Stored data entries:
*** Block opens ***

Definition shatter_form K (S : {set 'I_K}) : form L ('I_#|{: 'I_K * 'I_r}| * 'I_m) :=
  fExs (fConj [seq signed (t \in S) (frename phi (block_var t)) | t <- enum 'I_K]).

Definition shatter_forms K : seq {p : nat & form L ('I_p * 'I_m)} :=
  [seq existT _ _ (shatter_form A) | A <- enum {set 'I_K}].

Definition block_assignment K (y : 'I_#|{: 'I_K * 'I_r}| * 'I_m -> M) (t : 'I_K) :
    'I_r * 'I_m -> M :=
  fun lc => y (enum_rank (t, lc.1), lc.2).

Lemma sat_shatter_form K (S : {set 'I_K}) y :
  sat (shatter_form S) y <->
  exists x, forall t, sat phi (catv x (block_assignment y t)) <-> t \in S.
Proof.
have block_varE x t : catv x y \o block_var t = catv x (block_assignment y t).
  by apply: funext => -[].
rewrite sat_fExs; split=> -[x sat_x]; exists x.
  move=> t; move/sat_fConj/(_ t (mem_enum _ t)): sat_x.
  by rewrite /signed; case: (t \in S) => /=; rewrite sat_rename block_varE; split.
apply/sat_fConj => t _; move: (sat_x t); rewrite /signed.
by case: (t \in S) => /=; rewrite sat_rename block_varE => -[]; auto.
Qed.

Lemma shattered_of_indiscernible K k (N : 'I_k -> nat) (a : idx N -> 'I_m -> M)
    (b : 'I_n -> M) (base : 'I_K -> 'I_r -> idx N) :
  indiscernible (shatter_forms K) a ->
  (forall S : {set 'I_K}, exists cfg : 'I_K -> 'I_r -> idx N,
     (forall s, qftp_eq (fun p : 'I_K * 'I_r => coord (base p.1) s p.2)
                        (fun p => coord (cfg p.1) s p.2)) /\
     (forall t, phi_at b a (cfg t) <-> t \in S)) ->
  forall S : {set 'I_K}, exists x, forall t, phi_at x a (base t) <-> t \in S.
Proof.
move=> indisc configs S; have [cfg [same_tp cfgP]] := configs S.
pose flat (c : 'I_K -> 'I_r -> idx N) (q : 'I_#|{: 'I_K * 'I_r}|) :=
  c (enum_val q).1 (enum_val q).2.
have flatK c t :
    block_assignment (fun z => a (flat c z.1) z.2) t = fun lc => a (c t lc.1) lc.2.
  by apply: funext => lc; rewrite /block_assignment /flat enum_rankK.
have := indisc _ (In_map _ (mem_enum _ S)) (flat base) (flat cfg)
  (fun s q q' => same_tp s (enum_val q) (enum_val q')).
rewrite /= !sat_shatter_form => [[_ cfg_base]].
have [|x shattered_x] := cfg_base; first by exists b => t; rewrite flatK; exact: cfgP.
by exists x => t; rewrite /phi_at -flatK.
Qed.

End ShatterForms.

Section FewFlips.

Variables (L : language) (M : structure L) (n r m : nat).
Variable phi : form L ('I_n + 'I_r * 'I_m).
Variable K : nat.
Hypothesis not_shattered : forall (y : 'I_K -> 'I_r * 'I_m -> M) (y0 : 'I_r * 'I_m -> M),
  ~ forall S : {set 'I_K}, exists x, forall t, sat phi (catv x (y t)) <-> t \in S.

Variables (k : nat) (N : 'I_k -> nat) (a : idx N -> 'I_m -> M) (b : 'I_n -> M).
Hypothesis N_gt0 : forall s, 0 < N s.
Hypothesis indisc : indiscernible (shatter_forms phi K) a.

Lemma few_flips s (P : seq nat) :
  uniq P -> (forall v, v \in P -> is_flip (phi_at phi b a) s v) ->
  size P < r.*2.*2.+1 * K.
Proof.
move=> uniq_P flips_P; rewrite ltnNge; apply/negP => /(independent_flips uniq_P flips_P).
case=> w [v [witness indep]].
pose j0 : idx N := fun s => Ordinal (N_gt0 s).
apply: (@not_shattered (fun t lc => a (w t lc.1) lc.2) (fun lc => a j0 lc.2)).
exact: shattered_of_indiscernible indisc (shattering_configurations witness indep).
Qed.

End FewFlips.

*** Block closes ***

» **Work request**: Reproduce the entries exactly as they appear.

» **Answer to the exercise**:
Definition shatter_form K (S : {set 'I_K}) : form L ('I_#|{: 'I_K * 'I_r}| * 'I_m) :=
  fExs (fConj [seq signed (t \in S) (frename phi (block_var t)) | t <- enum 'I_K]).

Definition shatter_forms K : seq {p : nat & form L ('I_p * 'I_m)} :=
  [seq existT _ _ (shatter_form A) | A <- enum {set 'I_K}].

Definition block_assignment K (y : 'I_#|{: 'I_K * 'I_r}| * 'I_m -> M) (t : 'I_K) :
    'I_r * 'I_m -> M :=
  fun lc => y (enum_rank (t, lc.1), lc.2).

Lemma sat_shatter_form K (S : {set 'I_K}) y :
  sat (shatter_form S) y <->
  exists x, forall t, sat phi (catv x (block_assignment y t)) <-> t \in S.
Proof.
have block_varE x t : catv x y \o block_var t = catv x (block_assignment y t).
  by apply: funext => -[].
rewrite sat_fExs; split=> -[x sat_x]; exists x.
  move=> t; move/sat_fConj/(_ t (mem_enum _ t)): sat_x.
  by rewrite /signed; case: (t \in S) => /=; rewrite sat_rename block_varE; split.
apply/sat_fConj => t _; move: (sat_x t); rewrite /signed.
by case: (t \in S) => /=; rewrite sat_rename block_varE => -[]; auto.
Qed.

Lemma shattered_of_indiscernible K k (N : 'I_k -> nat) (a : idx N -> 'I_m -> M)
    (b : 'I_n -> M) (base : 'I_K -> 'I_r -> idx N) :
  indiscernible (shatter_forms K) a ->
  (forall S : {set 'I_K}, exists cfg : 'I_K -> 'I_r -> idx N,
     (forall s, qftp_eq (fun p : 'I_K * 'I_r => coord (base p.1) s p.2)
                        (fun p => coord (cfg p.1) s p.2)) /\
     (forall t, phi_at b a (cfg t) <-> t \in S)) ->
  forall S : {set 'I_K}, exists x, forall t, phi_at x a (base t) <-> t \in S.
Proof.
move=> indisc configs S; have [cfg [same_tp cfgP]] := configs S.
pose flat (c : 'I_K -> 'I_r -> idx N) (q : 'I_#|{: 'I_K * 'I_r}|) :=
  c (enum_val q).1 (enum_val q).2.
have flatK c t :
    block_assignment (fun z => a (flat c z.1) z.2) t = fun lc => a (c t lc.1) lc.2.
  by apply: funext => lc; rewrite /block_assignment /flat enum_rankK.
have := indisc _ (In_map _ (mem_enum _ S)) (flat base) (flat cfg)
  (fun s q q' => same_tp s (enum_val q) (enum_val q')).
rewrite /= !sat_shatter_form => [[_ cfg_base]].
have [|x shattered_x] := cfg_base; first by exists b => t; rewrite flatK; exact: cfgP.
by exists x => t; rewrite /phi_at -flatK.
Qed.

End ShatterForms.

Section FewFlips.

Variables (L : language) (M : structure L) (n r m : nat).
Variable phi : form L ('I_n + 'I_r * 'I_m).
Variable K : nat.
Hypothesis not_shattered : forall (y : 'I_K -> 'I_r * 'I_m -> M) (y0 : 'I_r * 'I_m -> M),
  ~ forall S : {set 'I_K}, exists x, forall t, sat phi (catv x (y t)) <-> t \in S.

Variables (k : nat) (N : 'I_k -> nat) (a : idx N -> 'I_m -> M) (b : 'I_n -> M).
Hypothesis N_gt0 : forall s, 0 < N s.
Hypothesis indisc : indiscernible (shatter_forms phi K) a.

Lemma few_flips s (P : seq nat) :
  uniq P -> (forall v, v \in P -> is_flip (phi_at phi b a) s v) ->
  size P < r.*2.*2.+1 * K.
Proof.
move=> uniq_P flips_P; rewrite ltnNge; apply/negP => /(independent_flips uniq_P flips_P).
case=> w [v [witness indep]].
pose j0 : idx N := fun s => Ordinal (N_gt0 s).
apply: (@not_shattered (fun t lc => a (w t lc.1) lc.2) (fun lc => a j0 lc.2)).
exact: shattered_of_indiscernible indisc (shattering_configurations witness indep).
Qed.

End FewFlips.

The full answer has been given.